Write out every line from the listing below where the string "simpl" is found.

*** Data extract ***

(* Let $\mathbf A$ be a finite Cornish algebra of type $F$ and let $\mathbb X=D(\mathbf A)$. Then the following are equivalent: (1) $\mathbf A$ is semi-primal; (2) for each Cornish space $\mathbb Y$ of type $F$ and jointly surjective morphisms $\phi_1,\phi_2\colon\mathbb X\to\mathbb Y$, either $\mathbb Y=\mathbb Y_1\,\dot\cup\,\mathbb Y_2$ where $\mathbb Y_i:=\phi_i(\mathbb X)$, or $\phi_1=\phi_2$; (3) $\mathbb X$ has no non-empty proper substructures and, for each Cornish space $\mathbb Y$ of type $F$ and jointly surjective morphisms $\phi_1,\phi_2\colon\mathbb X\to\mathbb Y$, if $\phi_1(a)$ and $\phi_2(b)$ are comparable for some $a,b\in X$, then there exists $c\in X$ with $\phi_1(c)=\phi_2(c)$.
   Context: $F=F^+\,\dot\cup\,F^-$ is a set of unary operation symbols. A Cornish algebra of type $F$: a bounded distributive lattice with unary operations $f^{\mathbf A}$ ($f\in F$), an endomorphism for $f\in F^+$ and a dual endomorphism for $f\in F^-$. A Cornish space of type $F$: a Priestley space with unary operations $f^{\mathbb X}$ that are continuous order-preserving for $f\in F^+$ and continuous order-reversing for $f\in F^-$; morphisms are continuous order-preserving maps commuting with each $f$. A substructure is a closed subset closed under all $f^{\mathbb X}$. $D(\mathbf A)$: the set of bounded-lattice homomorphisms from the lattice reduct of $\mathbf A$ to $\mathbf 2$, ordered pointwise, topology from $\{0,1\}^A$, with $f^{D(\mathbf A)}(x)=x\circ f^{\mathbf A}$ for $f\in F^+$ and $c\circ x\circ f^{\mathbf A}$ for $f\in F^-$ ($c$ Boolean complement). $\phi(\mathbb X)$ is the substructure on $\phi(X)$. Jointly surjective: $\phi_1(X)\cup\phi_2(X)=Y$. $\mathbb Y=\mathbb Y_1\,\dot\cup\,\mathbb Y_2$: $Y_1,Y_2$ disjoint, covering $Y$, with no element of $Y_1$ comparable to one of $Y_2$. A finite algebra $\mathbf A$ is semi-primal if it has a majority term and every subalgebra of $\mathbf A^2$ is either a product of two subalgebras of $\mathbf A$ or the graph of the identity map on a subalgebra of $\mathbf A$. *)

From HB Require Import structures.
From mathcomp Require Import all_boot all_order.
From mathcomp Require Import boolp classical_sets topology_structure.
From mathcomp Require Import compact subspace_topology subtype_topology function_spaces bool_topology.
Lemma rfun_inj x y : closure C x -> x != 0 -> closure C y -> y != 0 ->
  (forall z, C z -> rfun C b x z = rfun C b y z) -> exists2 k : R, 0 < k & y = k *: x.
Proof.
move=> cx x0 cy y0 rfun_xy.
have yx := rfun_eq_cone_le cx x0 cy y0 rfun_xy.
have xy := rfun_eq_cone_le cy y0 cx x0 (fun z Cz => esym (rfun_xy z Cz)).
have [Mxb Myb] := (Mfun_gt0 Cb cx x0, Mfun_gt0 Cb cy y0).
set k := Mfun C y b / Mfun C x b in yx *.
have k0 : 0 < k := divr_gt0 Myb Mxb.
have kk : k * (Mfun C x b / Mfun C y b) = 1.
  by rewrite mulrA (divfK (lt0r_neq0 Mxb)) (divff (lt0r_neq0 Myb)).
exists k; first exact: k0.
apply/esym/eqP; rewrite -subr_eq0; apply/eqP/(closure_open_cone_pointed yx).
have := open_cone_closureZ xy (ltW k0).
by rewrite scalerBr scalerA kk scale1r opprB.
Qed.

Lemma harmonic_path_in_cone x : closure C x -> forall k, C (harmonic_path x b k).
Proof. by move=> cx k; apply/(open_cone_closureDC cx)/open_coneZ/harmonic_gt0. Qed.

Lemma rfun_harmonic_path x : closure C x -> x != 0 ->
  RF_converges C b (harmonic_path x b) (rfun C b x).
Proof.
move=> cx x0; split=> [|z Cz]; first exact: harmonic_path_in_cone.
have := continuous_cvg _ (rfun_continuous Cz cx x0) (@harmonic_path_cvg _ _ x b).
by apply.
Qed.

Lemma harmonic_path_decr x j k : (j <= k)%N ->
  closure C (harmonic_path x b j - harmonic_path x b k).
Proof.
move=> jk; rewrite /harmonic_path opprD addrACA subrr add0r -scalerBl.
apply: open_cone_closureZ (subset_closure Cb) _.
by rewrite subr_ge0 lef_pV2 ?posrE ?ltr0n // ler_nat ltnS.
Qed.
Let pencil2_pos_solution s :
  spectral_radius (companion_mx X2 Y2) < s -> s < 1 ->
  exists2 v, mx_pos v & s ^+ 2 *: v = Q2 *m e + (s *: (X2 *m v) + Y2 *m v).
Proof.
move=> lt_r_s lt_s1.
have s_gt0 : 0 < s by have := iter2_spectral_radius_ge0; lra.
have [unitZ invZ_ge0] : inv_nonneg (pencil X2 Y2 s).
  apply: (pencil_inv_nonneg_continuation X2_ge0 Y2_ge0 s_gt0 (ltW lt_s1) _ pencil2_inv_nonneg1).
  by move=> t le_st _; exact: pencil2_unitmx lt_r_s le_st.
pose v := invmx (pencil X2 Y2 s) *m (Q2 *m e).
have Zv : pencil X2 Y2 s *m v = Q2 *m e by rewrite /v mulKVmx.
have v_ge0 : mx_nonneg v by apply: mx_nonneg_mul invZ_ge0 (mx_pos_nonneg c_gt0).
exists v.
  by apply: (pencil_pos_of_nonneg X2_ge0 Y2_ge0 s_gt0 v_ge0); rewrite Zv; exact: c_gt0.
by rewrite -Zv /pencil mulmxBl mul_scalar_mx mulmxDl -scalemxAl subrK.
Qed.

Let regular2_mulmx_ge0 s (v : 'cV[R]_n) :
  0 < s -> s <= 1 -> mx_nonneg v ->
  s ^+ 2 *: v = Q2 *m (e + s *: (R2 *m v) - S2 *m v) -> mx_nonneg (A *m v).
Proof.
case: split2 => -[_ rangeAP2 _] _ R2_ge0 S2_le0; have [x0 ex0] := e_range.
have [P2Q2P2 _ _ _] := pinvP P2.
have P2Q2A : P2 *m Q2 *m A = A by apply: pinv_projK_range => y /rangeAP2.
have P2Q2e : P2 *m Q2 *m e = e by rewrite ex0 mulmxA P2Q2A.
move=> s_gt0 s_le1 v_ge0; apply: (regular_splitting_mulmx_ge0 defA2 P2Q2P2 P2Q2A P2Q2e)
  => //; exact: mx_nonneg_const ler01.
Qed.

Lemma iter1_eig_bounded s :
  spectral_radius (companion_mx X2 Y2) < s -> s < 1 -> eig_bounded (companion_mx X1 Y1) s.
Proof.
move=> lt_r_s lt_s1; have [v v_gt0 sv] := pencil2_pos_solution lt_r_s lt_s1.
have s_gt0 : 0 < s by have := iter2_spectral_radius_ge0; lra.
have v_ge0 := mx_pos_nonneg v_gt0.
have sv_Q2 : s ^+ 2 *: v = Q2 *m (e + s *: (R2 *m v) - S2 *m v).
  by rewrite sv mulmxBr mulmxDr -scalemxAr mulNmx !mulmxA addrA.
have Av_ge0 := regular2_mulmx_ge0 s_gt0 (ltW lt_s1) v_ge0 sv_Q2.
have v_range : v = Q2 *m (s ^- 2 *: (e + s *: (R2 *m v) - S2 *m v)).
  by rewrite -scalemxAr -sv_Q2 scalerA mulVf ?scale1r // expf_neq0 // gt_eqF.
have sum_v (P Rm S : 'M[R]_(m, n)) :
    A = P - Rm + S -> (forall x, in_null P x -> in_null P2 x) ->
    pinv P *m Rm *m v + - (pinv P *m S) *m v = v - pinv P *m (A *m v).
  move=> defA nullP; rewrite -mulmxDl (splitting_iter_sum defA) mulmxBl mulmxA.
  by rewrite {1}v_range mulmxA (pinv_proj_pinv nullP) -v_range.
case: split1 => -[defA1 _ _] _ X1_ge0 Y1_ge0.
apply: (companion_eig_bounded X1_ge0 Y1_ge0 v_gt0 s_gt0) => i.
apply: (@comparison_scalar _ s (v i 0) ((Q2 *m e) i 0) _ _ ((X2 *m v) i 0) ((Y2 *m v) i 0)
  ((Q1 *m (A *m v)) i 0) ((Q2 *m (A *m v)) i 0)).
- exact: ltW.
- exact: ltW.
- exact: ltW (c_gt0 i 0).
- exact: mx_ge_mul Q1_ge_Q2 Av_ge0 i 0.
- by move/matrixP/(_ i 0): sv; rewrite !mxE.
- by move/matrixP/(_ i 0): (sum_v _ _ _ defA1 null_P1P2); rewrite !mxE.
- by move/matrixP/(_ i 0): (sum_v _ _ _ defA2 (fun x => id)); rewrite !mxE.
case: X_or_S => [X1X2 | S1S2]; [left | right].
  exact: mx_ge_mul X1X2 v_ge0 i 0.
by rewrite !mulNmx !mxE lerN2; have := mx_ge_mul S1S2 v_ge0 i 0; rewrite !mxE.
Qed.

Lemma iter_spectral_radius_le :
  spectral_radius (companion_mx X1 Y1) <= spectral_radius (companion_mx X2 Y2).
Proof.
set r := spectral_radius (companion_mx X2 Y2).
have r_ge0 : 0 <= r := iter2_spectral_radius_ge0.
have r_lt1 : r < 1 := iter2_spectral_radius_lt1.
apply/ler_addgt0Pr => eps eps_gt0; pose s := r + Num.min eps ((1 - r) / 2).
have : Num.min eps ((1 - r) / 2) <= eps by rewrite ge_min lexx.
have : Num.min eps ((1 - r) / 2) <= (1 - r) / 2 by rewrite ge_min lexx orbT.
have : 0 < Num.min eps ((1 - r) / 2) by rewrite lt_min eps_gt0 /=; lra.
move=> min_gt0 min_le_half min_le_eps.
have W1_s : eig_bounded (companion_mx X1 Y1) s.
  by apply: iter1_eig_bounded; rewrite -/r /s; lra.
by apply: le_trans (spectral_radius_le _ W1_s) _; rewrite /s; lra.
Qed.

***
*** Data extract ***

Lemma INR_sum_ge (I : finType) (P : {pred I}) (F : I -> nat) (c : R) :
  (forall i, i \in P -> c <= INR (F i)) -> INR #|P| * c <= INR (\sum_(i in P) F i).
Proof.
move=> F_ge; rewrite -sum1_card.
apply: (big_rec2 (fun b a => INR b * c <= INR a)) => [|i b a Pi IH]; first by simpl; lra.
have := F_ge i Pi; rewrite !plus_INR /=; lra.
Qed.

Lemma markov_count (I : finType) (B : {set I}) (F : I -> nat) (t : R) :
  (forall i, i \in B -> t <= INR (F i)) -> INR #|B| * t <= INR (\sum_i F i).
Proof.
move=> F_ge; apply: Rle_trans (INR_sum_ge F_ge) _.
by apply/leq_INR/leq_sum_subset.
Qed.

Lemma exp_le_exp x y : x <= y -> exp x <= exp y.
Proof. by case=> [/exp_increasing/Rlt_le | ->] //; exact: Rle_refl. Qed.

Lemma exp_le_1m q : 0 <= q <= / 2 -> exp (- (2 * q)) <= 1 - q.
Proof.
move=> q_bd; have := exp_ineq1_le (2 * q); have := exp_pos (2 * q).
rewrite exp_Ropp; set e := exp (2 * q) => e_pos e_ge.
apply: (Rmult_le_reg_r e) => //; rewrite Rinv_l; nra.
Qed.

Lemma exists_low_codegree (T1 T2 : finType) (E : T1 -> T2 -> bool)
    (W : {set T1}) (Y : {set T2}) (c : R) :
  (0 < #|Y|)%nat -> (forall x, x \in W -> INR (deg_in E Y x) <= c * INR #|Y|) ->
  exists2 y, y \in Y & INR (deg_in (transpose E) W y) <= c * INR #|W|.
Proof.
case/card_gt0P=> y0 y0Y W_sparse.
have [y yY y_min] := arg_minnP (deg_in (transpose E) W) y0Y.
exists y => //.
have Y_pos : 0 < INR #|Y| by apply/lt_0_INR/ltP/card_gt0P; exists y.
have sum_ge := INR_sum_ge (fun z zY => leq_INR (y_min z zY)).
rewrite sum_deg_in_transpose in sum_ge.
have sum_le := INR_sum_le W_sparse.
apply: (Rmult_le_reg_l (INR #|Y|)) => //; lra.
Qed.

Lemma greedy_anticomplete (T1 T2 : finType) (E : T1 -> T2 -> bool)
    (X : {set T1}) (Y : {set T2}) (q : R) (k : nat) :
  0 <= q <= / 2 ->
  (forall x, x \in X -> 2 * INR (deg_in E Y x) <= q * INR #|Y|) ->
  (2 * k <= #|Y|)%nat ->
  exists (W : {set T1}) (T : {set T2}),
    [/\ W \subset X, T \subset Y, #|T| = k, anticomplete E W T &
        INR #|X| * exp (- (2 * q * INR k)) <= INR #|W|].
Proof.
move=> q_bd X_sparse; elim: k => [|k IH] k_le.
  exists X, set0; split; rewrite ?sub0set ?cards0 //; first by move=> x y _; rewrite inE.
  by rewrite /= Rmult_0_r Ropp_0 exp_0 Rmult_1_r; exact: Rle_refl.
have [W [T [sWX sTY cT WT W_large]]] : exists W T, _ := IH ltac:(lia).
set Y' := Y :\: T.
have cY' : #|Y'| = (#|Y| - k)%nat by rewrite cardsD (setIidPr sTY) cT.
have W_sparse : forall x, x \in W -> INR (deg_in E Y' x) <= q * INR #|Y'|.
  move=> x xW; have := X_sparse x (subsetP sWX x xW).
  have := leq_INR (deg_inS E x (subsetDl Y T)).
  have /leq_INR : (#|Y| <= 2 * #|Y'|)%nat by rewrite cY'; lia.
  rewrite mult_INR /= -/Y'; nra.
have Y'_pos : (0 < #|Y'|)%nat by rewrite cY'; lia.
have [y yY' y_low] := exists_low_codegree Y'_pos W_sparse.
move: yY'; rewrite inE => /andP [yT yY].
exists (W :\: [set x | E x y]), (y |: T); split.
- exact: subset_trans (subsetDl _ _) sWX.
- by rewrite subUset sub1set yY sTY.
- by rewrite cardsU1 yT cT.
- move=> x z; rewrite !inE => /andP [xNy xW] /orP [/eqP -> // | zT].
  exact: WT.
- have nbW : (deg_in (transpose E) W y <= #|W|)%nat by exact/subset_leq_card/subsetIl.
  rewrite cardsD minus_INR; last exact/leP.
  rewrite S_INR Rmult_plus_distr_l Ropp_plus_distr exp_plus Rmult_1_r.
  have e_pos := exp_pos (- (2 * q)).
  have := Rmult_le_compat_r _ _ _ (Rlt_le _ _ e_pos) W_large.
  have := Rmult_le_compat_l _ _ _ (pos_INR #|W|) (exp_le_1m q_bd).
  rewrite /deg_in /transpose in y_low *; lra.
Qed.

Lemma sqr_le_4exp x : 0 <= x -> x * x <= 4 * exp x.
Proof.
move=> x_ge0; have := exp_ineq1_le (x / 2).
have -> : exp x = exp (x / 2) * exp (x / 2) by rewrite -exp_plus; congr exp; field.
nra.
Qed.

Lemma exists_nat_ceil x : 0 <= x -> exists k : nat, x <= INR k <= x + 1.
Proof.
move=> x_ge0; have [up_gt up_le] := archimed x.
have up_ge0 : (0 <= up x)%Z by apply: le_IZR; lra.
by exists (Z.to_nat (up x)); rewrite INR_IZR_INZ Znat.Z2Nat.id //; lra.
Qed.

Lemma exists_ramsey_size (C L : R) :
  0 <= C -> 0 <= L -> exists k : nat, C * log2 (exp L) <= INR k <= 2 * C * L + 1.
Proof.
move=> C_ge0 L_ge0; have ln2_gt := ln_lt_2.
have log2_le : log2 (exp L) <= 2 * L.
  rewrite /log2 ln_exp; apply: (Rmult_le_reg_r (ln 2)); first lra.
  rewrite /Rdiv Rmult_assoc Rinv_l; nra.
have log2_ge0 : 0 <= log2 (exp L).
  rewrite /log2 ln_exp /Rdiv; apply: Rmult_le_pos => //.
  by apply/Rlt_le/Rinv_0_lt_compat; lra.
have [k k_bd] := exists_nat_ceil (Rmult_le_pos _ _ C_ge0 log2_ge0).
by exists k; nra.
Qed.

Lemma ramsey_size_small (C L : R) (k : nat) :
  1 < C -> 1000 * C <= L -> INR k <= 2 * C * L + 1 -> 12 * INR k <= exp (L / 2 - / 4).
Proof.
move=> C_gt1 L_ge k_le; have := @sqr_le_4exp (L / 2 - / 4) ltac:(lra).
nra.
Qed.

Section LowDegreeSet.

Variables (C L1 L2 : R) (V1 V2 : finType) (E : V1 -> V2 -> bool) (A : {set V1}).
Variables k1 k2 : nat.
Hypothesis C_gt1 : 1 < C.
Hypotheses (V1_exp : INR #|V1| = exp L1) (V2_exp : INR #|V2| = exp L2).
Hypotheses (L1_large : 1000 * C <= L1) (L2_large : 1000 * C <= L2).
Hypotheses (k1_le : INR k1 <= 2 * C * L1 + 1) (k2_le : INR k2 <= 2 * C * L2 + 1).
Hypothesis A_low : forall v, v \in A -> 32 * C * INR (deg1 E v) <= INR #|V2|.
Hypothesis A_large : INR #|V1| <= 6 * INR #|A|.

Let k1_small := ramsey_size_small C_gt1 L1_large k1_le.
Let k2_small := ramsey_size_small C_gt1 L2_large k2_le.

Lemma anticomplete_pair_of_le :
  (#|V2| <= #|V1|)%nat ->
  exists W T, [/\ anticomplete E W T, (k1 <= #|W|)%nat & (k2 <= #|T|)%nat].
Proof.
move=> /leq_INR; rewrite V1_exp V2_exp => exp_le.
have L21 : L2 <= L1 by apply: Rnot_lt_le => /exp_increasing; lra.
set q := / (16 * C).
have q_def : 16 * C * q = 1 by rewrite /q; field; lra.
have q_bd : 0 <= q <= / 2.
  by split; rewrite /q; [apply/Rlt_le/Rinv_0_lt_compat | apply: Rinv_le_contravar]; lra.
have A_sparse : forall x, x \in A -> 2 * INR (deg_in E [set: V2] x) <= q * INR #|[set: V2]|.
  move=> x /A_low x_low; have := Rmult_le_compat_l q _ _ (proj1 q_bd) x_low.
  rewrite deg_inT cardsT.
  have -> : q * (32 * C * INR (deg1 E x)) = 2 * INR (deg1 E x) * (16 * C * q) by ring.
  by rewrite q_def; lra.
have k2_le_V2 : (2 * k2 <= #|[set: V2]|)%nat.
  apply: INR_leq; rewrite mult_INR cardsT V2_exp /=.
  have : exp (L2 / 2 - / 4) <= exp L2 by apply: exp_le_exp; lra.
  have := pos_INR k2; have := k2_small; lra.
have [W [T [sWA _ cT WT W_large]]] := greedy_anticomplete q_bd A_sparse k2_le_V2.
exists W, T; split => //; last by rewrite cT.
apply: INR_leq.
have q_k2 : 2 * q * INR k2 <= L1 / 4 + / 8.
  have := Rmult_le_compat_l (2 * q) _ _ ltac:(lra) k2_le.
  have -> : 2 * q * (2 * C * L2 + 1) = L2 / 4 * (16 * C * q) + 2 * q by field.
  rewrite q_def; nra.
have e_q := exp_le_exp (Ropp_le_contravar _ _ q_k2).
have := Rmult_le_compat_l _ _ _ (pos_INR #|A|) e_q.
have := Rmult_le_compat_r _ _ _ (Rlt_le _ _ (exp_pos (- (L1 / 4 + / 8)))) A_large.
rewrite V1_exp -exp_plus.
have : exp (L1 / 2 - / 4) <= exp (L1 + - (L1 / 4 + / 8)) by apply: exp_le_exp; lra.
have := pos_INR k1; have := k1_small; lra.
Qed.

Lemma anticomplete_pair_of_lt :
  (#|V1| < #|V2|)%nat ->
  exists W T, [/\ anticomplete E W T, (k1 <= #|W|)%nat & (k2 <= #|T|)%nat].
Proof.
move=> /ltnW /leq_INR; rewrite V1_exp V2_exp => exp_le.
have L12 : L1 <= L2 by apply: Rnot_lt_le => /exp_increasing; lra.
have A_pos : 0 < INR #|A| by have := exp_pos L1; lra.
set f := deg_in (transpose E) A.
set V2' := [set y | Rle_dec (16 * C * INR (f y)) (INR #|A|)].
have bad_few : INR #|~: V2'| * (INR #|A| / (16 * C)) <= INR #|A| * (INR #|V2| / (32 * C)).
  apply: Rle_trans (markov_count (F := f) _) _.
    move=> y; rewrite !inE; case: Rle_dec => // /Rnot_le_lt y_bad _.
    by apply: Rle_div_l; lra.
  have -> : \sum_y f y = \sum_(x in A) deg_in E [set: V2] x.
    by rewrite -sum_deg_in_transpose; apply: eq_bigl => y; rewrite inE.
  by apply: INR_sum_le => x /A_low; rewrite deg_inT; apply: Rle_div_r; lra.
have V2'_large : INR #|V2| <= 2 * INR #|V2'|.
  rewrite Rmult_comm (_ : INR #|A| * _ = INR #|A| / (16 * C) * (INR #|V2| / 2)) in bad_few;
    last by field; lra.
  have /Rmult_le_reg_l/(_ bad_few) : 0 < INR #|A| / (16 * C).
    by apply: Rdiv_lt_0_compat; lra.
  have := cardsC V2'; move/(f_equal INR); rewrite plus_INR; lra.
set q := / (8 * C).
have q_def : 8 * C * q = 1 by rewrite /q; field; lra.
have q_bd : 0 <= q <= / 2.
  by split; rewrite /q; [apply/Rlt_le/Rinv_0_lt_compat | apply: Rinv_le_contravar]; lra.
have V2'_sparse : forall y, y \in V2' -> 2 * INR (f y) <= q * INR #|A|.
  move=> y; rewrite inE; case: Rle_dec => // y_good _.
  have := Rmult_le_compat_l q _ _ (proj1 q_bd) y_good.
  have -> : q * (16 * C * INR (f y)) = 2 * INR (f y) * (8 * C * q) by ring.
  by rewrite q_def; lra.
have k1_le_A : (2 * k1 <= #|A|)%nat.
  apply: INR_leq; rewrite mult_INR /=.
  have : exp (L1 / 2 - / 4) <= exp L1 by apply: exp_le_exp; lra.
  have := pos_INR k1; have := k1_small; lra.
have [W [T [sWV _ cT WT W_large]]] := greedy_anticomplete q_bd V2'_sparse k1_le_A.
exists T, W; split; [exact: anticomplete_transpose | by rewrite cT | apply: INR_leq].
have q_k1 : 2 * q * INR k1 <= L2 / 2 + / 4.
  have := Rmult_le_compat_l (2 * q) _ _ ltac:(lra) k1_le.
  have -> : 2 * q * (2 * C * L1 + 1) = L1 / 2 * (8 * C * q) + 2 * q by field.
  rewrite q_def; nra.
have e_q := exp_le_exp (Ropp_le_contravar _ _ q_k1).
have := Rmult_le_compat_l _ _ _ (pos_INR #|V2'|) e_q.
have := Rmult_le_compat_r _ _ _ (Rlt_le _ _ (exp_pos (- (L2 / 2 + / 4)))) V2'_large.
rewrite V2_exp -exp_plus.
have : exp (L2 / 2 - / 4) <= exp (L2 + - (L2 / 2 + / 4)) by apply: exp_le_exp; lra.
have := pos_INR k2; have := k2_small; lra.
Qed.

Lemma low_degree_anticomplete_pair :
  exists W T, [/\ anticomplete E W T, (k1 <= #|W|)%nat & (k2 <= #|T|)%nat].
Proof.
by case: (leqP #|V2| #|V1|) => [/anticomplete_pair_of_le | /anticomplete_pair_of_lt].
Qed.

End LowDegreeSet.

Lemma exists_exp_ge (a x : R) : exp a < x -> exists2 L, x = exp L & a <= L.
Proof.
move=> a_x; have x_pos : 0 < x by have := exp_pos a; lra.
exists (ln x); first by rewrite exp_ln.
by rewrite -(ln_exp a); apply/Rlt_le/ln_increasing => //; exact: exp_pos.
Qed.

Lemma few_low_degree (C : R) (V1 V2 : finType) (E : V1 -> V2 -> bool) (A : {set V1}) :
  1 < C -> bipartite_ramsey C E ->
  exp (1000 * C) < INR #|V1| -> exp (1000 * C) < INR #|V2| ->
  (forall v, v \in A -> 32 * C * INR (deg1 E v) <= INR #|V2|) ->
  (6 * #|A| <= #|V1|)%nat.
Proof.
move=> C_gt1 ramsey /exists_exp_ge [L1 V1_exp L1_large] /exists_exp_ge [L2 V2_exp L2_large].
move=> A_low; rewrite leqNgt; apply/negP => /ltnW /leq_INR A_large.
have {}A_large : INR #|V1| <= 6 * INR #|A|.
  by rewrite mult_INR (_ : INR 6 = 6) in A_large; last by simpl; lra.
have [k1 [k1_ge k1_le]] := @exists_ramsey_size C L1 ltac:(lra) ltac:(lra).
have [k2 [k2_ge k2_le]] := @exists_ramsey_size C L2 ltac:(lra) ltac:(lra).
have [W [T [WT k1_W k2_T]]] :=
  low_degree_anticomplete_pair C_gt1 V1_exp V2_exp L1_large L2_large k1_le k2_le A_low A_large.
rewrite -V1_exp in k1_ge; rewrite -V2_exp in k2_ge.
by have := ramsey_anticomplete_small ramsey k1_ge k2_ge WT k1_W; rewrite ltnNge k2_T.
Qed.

***

> **Solution**:
apply: (big_rec2 (fun b a => INR b * c <= INR a)) => [|i b a Pi IH]; first by simpl; lra.
  by rewrite mult_INR (_ : INR 6 = 6) in A_large; last by simpl; lra.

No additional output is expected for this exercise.